→ **Exercise description**:
Your answer should consist of every line from the records that holds the string "Lemma".

→ **Data items**:
Lemma aut_L0_suppL n : n != 0 -> SL n \notin msupp (th << SL 0 >>).
Proof.
move=> n_nz; apply/negP => x_n.
pose sg : int := if 0 < n then 1 else -1.
have sg_unit : sg = 1 \/ sg = -1 by rewrite /sg; case: ifP; [left|right].
have isL : has (fun a => if a is SL _ then true else false) (msupp (th << SL 0 >>)).
  by apply/hasP; exists (SL n).
have [a [x_a L_a amax]] :=
  exists_seq_argmax (fun a => if a is SL m then sg * m else 0) isL.
case: a x_a L_a amax => [N|//|//] x_N _ Nmax.
have N_gt0 : 0 < sg * N.
  by have := Nmax _ x_n isT; rewrite /sg; case: ifP => ? /=; lia.
have [b] := aut_surj_mcoeff (SL (N + sg)); rewrite mcoeff_neq0 => b_in.
have := eigvec_deg_le sg_unit aut_L0_even x_N N_gt0 (fun m x_m => Nmax (SL m) x_m isT)
  (aut_eigvec b) b_in isT.
by rewrite /=; case: sg_unit => ?; subst sg; lia.
Qed.

Lemma aut_L0E : th << SL 0 >> =
  (th << SL 0 >>)@_(SL 0) *: << SL 0 >> + (th << SL 0 >>)@_SC *: << SC >>.
Proof.
apply/malgP => e; rewrite mcoeffZU2.
have [<-|e0] := eqVneq (SL 0) e; first by rewrite [SC == _]/= mulr1n mulr0n addr0.
have [<-|eC] := eqVneq SC e; first by rewrite mulr0n mulr1n add0r.
rewrite mulr0n mulr0n addr0; case: e e0 eC => [n|k|] // n0 _.
  by apply/mcoeff_outdom/aut_L0_suppL; apply: contraNneq n0 => ->.
exact: mcoeff_even aut_L0_even _.
Qed.
Lemma gproj_collide a b : gproj a = gproj b -> a != b ->
  [/\ gbound a, gbound b & ~~ samev a b].
Proof.
have [_ ra] := gproj_spec a; have [_ rb] := gproj_spec b; move=> eab.
rewrite -eab in rb; move: (gproj a) ra rb => x.
move=> /isrepP [-> | [i gi [xF ->]]] /isrepP [-> | [j gj [yF ->]]]; rewrite ?eqxx // => nab.
- split; [exact: gbound_f1 yF | exact: gbound_f2 (pi_bdry gj yF) |].
  exact: not_samev_bdry_f1_f2 yF (pi_bdry gj yF).
- split; [exact: gbound_f2 (pi_bdry gi xF) | exact: gbound_f1 xF |].
  by rewrite samev_sym; apply: not_samev_bdry_f1_f2 xF (pi_bdry gi xF).
- by rewrite (bdry_f1_index gi gj xF yF erefl) eqxx in nab.
Qed.

Lemma gproj_samev_inj a b : samev a b -> gproj a = gproj b -> a = b.
Proof.
move=> sab eab; apply: contraTeq sab => nab.
by case: (gproj_collide eab nab).
Qed.

Section Splitting.
Variable T : D -> D.
Hypothesis smooth_T : smooth_TS_G edge rot n f1 f2 pi T.
Hypothesis even_degree : forall x, ~~ odd (order rot x).

(* [lift_pair a b]: the pair {a, b} of the disjoint union that the pair
   {gproj a, T (gproj a)} of T comes from; pairs of two glued-boundary
   half-edges are the corners of removed faces and are excluded. *)
Definition lift_pair a b : bool :=
  [&& samev a b, isrep (T (gproj a)) b & ~~ (gbound a && gbound b)].

Lemma lift_pair_gproj a b : lift_pair a b -> gproj b = T (gproj a).
Proof.
case/and3P=> _ rb _; have [kT _ _ _] := smooth_T (gproj_kept a).
by apply/eqP; rewrite -isrep_gproj.
Qed.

→ **Task result**:
Lemma aut_L0_suppL n : n != 0 -> SL n \notin msupp (th << SL 0 >>).
Lemma aut_L0E : th << SL 0 >> =
Lemma gproj_collide a b : gproj a = gproj b -> a != b ->
Lemma gproj_samev_inj a b : samev a b -> gproj a = gproj b -> a = b.
Lemma lift_pair_gproj a b : lift_pair a b -> gproj b = T (gproj a).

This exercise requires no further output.